WHAT YOU NEED TO DO: Every line from the one containing "assert (Ha : x" to the one containing "eapply Rle_trans; [apply (residual_bound" in the records below, both included, must be set down exactly, and no other line.

Stored data
Segment Open
Lemma cintegral_BK_Bogoliubov (a b : R[i])
    (g := fun x => a *: psi x + b *: (B *m cconj (psi x))) :
  cintegral mu (fun x => dotc (g x) (B *m cconj (g x))) =
  conjc a ^+ 2 * L + 2 * conjc a * conjc b * Q + conjc b ^+ 2 * conjc L.
Proof.
transitivity (cintegral mu (fun x =>
    conjc a ^+ 2 * dotc (psi x) (B *m cconj (psi x))
    + 2 * conjc a * conjc b * dotc (psi x) (psi x)
    + conjc b ^+ 2 * conjc (dotc (psi x) (B *m cconj (psi x))))).
  by congr cintegral; apply/funext => x; rewrite dotc_BK_Bogoliubov.
exact: cintegral_lincomb cintegrable_L cintegrable_Q cintegrable_L.
Qed.

End IntegratedBogoliubov.

Theorem lemma2p8 (R : realType) (n N : nat) (m : R)
    (alpha : 'I_n -> 'M[R[i]]_N) (beta B : 'M[R[i]]_N)
    (mu : {measure set (Rn R n) -> \bar R}) (a b : R[i])
    (psi : 'rV[R]_n -> 'cV[R[i]]_N) :
  (1 <= n)%N -> (2 <= N)%N -> ~~ odd N -> 0 < m ->
  dirac_matrices alpha beta ->
  anticommutes_BK_Dirac B alpha beta m ->
  (forall v : 'cV[R[i]]_N, B *m cconj v = cconj (hadj B *m v)) ->
  hadj B *m B = 1%:M ->
  is_lebesgue_Rn mu ->
  `|a| ^+ 2 - `|b| ^+ 2 = 1 ->
  L2 mu psi ->
  let Q := Qf mu in
  let L := Lambdaf mu B in
  let g := gop a b B in
  [/\ Q (g psi) = (`|a| ^+ 2 + `|b| ^+ 2) * Q psi
                  + 2 * Complex (complex.Re (conjc a * b * L psi)) 0,
      L (g psi) = conjc a ^+ 2 * L psi + 2 * conjc a * conjc b * Q psi
                  + conjc b ^+ 2 * conjc (L psi) &
      Q (g psi) ^+ 2 - `|L (g psi)| ^+ 2 = Q psi ^+ 2 - `|L psi| ^+ 2].
Proof.
move=> _ _ _ _ _ _ BK_KBadj B_unitary _ hab [m_psi fin_nsq] Q L g.
have sq_psi := csq_integrable_component m_psi fin_nsq.
have EQ : Q (g psi) = (a * conjc a + b * conjc b) * Q psi
                      + conjc a * b * L psi + conjc (conjc a * b * L psi).
  exact: cintegral_Bogoliubov.
have EL : L (g psi) = conjc a ^+ 2 * L psi + 2 * conjc a * conjc b * Q psi
                      + conjc b ^+ 2 * conjc (L psi).
  exact: cintegral_BK_Bogoliubov.
have Q_real : conjc (Q psi) = Q psi by exact: conjc_Q.
have twoRe (z : R[i]) : 2 * Complex (complex.Re z) 0 = z + conjc z.
  exact: esym (addcJ z).
have hab' : a * conjc a - b * conjc b = 1 by rewrite -!sqr_normc.
split; first by rewrite EQ twoRe !sqr_normc addrA.
  exact: EL.
by rewrite EQ EL !sqr_normc Bogoliubov_invariant // hab' expr1n mul1r.
Qed.
Definition residual (f f1 : R -> R) (a b c : R) : R :=
  3 * ((c - b) / ((b - a) + (c - b))) * ((f b - f a) / (b - a))
  + 3 * ((b - a) / ((b - a) + (c - b))) * ((f c - f b) / (c - b))
  - (c - b) / ((b - a) + (c - b)) * f1 a - 2 * f1 b
  - (b - a) / ((b - a) + (c - b)) * f1 c.

Lemma Rres_residual f f1 x j :
  Rres f f1 x (S j) = residual f f1 (x j) (x (S j)) (x (S (S j))).
Proof.
  unfold Rres, residual, lam, mu, slope, hstep.
  replace (S j - 1)%nat with j by lia; reflexivity.
Qed.

Lemma residual_taylor3 f f1 f2 f3 a b c :
  a < b -> b < c ->
  residual f f1 a b c =
  (- (3 * (c - b) / (b - a)) * (f a - taylor3 f f1 f2 f3 b a)
   + 3 * (b - a) / (c - b) * (f c - taylor3 f f1 f2 f3 b c)
   - (c - b) * (f1 a - taylor2 f1 f2 f3 b a)
   - (b - a) * (f1 c - taylor2 f1 f2 f3 b c)) / (c - a).
Proof. intros Hab Hbc; unfold residual, taylor2, taylor3; field; lra. Qed.

Lemma Rabs_scal_le u r B : 0 <= u -> Rabs r <= B -> Rabs (u * r) <= u * B.
Proof.
  intros Hu Hr; rewrite Rabs_mult, (Rabs_pos_eq u Hu).
  apply Rmult_le_compat_l; assumption.
Qed.

Lemma residual_bound f f1 f2 f3 a b c L H :
  a < b -> b < c -> b - a <= H -> c - b <= H -> 0 <= L ->
  Rabs (f1 a - taylor2 f1 f2 f3 b a) <= L * (b - a) ^ 3 / 6 ->
  Rabs (f a - taylor3 f f1 f2 f3 b a) <= L * (b - a) ^ 4 / 24 ->
  Rabs (f1 c - taylor2 f1 f2 f3 b c) <= L * (c - b) ^ 3 / 6 ->
  Rabs (f c - taylor3 f f1 f2 f3 b c) <= L * (c - b) ^ 4 / 24 ->
  Rabs (residual f f1 a b c) <= 7 / 24 * L * H ^ 3.
Proof.
  intros Hab Hbc HhH HkH HL R1a R0a R1c R0c.
  rewrite (residual_taylor3 f f1 f2 f3 a b c Hab Hbc).
  set (h := b - a) in *; set (k := c - b) in *.
  replace (c - a) with (h + k) by (unfold h, k; ring).
  assert (Hh : 0 < h) by (unfold h; lra); assert (Hk : 0 < k) by (unfold k; lra).
  assert (T0a : Rabs (3 * k / h * (f a - taylor3 f f1 f2 f3 b a)) <= L * k * h ^ 3 / 8).
  { eapply Rle_trans; [apply Rabs_scal_le; [| exact R0a] |].
    - apply Rlt_le, Rdiv_lt_0_compat; lra.
    - right; field; lra. }
  assert (T0c : Rabs (3 * h / k * (f c - taylor3 f f1 f2 f3 b c)) <= L * h * k ^ 3 / 8).
  { eapply Rle_trans; [apply Rabs_scal_le; [| exact R0c] |].
    - apply Rlt_le, Rdiv_lt_0_compat; lra.
    - right; field; lra. }
  assert (T1a : Rabs (k * (f1 a - taylor2 f1 f2 f3 b a)) <= L * k * h ^ 3 / 6).
  { eapply Rle_trans; [apply Rabs_scal_le; [lra | exact R1a] | right; field]. }
  assert (T1c : Rabs (h * (f1 c - taylor2 f1 f2 f3 b c)) <= L * h * k ^ 3 / 6).
  { eapply Rle_trans; [apply Rabs_scal_le; [lra | exact R1c] | right; field]. }
  assert (Hh3 : h ^ 3 <= H ^ 3) by (apply pow_incr; lra).
  assert (Hk3 : k ^ 3 <= H ^ 3) by (apply pow_incr; lra).
  assert (Hsum : L * k * h ^ 3 + L * h * k ^ 3 <= L * H ^ 3 * (h + k)).
  { assert (L * k * h ^ 3 <= L * k * H ^ 3)
      by (apply Rmult_le_compat_l; [apply Rmult_le_pos |]; lra).
    assert (L * h * k ^ 3 <= L * h * H ^ 3)
      by (apply Rmult_le_compat_l; [apply Rmult_le_pos |]; lra).
    lra. }
  rewrite Rabs_div, (Rabs_pos_eq (h + k)) by lra.
  apply Rle_div_l; [lra |].
  apply Rabs_le_between in T0a, T0c, T1a, T1c.
  apply Rabs_le; lra.
Qed.

Lemma fold_right_Rmax_ge l a : In a l -> a <= fold_right Rmax 0 l.
Proof.
  induction l as [| y l IH]; simpl; [tauto |].
  intros [<- | Ha]; [apply Rmax_l |].
  eapply Rle_trans; [apply IH, Ha | apply Rmax_r].
Qed.

Lemma hstep_le_hmax x n j : (1 <= j)%nat -> (j <= n - 1)%nat -> hstep x j <= hmax x n.
Proof.
  intros H1 H2; apply fold_right_Rmax_ge, in_map, in_seq; lia.
Qed.

Lemma partition_le n (x : nat -> R) :
  (forall i, (1 <= i)%nat -> (i < n)%nat -> x i < x (S i)) ->
  forall j k, (1 <= j)%nat -> (j <= k)%nat -> (k <= n)%nat -> x j <= x k.
Proof.
  intros Hx j k Hj Hjk; induction Hjk as [| k Hjk IH]; intros Hk; [lra |].
  apply Rle_trans with (x k); [apply IH; lia | left; apply Hx; lia].
Qed.

Theorem lemma2 (n : nat) (x : nat -> R) (f f1 f2 f3 f4 : R -> R) (L K : R) :
  (forall i : nat, (1 <= i)%nat -> (i < n)%nat -> x i < x (S i)) ->
  C4_on (x 1%nat) (x n) f f1 f2 f3 f4 ->
  0 < L ->
  (forall t : R, x 1%nat <= t <= x n -> Rabs (f4 t) <= L) ->
  0 < K ->
  (forall j : nat, (1 <= j)%nat -> (j <= n - 1)%nat -> hmax x n / hstep x j <= K) ->
  forall i : nat, (2 <= i)%nat -> (i <= n - 1)%nat ->
    Rabs (Rres f f1 x i) <= ((17 * K + K ^ 2) / 16 + 1) * L * (hmax x n) ^ 3.
Proof.
  intros Hx Hf HL Hf4 HK _ i Hi2 Hin.
  destruct i as [| j]; [lia |]; rewrite Rres_residual.
  set (H := hmax x n).
  assert (Hh : hstep x j <= H) by (apply hstep_le_hmax; lia).
  assert (Hk : hstep x (S j) <= H) by (apply hstep_le_hmax; lia).
  unfold hstep in Hh, Hk.
  assert (Hab : x j < x (S j)) by (apply Hx; lia).
  assert (Hbc : x (S j) < x (S (S j))) by (apply Hx; lia).
  assert (Ha : x 1%nat <= x j) by (apply (partition_le n); auto; lia).
  assert (Hc : x (S (S j)) <= x n) by (apply (partition_le n); auto; lia).
  destruct (taylor3_remainder_left (x j) (x (S j)) f f1 f2 f3 f4 L) with (t := x j)
    as [R1a R0a]; try lra.
  { apply (C4_on_deriv4_on (x 1%nat) (x n)); [lra | lra | exact Hf]. }
  { intros t Ht; apply Hf4; lra. }
  destruct (taylor3_remainder_right (x (S j)) (x (S (S j))) f f1 f2 f3 f4 L)
    with (t := x (S (S j))) as [R1c R0c]; try lra.
  { apply (C4_on_deriv4_on (x 1%nat) (x n)); [lra | lra | exact Hf]. }
  { intros t Ht; apply Hf4; lra. }
  eapply Rle_trans; [apply (residual_bound f f1 f2 f3); eauto; lra |].
  assert (0 <= L * H ^ 3) by (apply Rmult_le_pos; [lra | apply pow_le; lra]).
  assert (7 / 24 <= (17 * K + K ^ 2) / 16 + 1) by (pose proof (pow2_ge_0 K); lra).
  rewrite !Rmult_assoc; apply Rmult_le_compat_r; assumption.
Qed.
Segment Closed
RESULT BELOW:
  assert (Ha : x 1%nat <= x j) by (apply (partition_le n); auto; lia).
  assert (Hc : x (S (S j)) <= x n) by (apply (partition_le n); auto; lia).
  destruct (taylor3_remainder_left (x j) (x (S j)) f f1 f2 f3 f4 L) with (t := x j)
    as [R1a R0a]; try lra.
  { apply (C4_on_deriv4_on (x 1%nat) (x n)); [lra | lra | exact Hf]. }
  { intros t Ht; apply Hf4; lra. }
  destruct (taylor3_remainder_right (x (S j)) (x (S (S j))) f f1 f2 f3 f4 L)
    with (t := x (S (S j))) as [R1c R0c]; try lra.
  { apply (C4_on_deriv4_on (x 1%nat) (x n)); [lra | lra | exact Hf]. }
  { intros t Ht; apply Hf4; lra. }
  eapply Rle_trans; [apply (residual_bound f f1 f2 f3); eauto; lra |].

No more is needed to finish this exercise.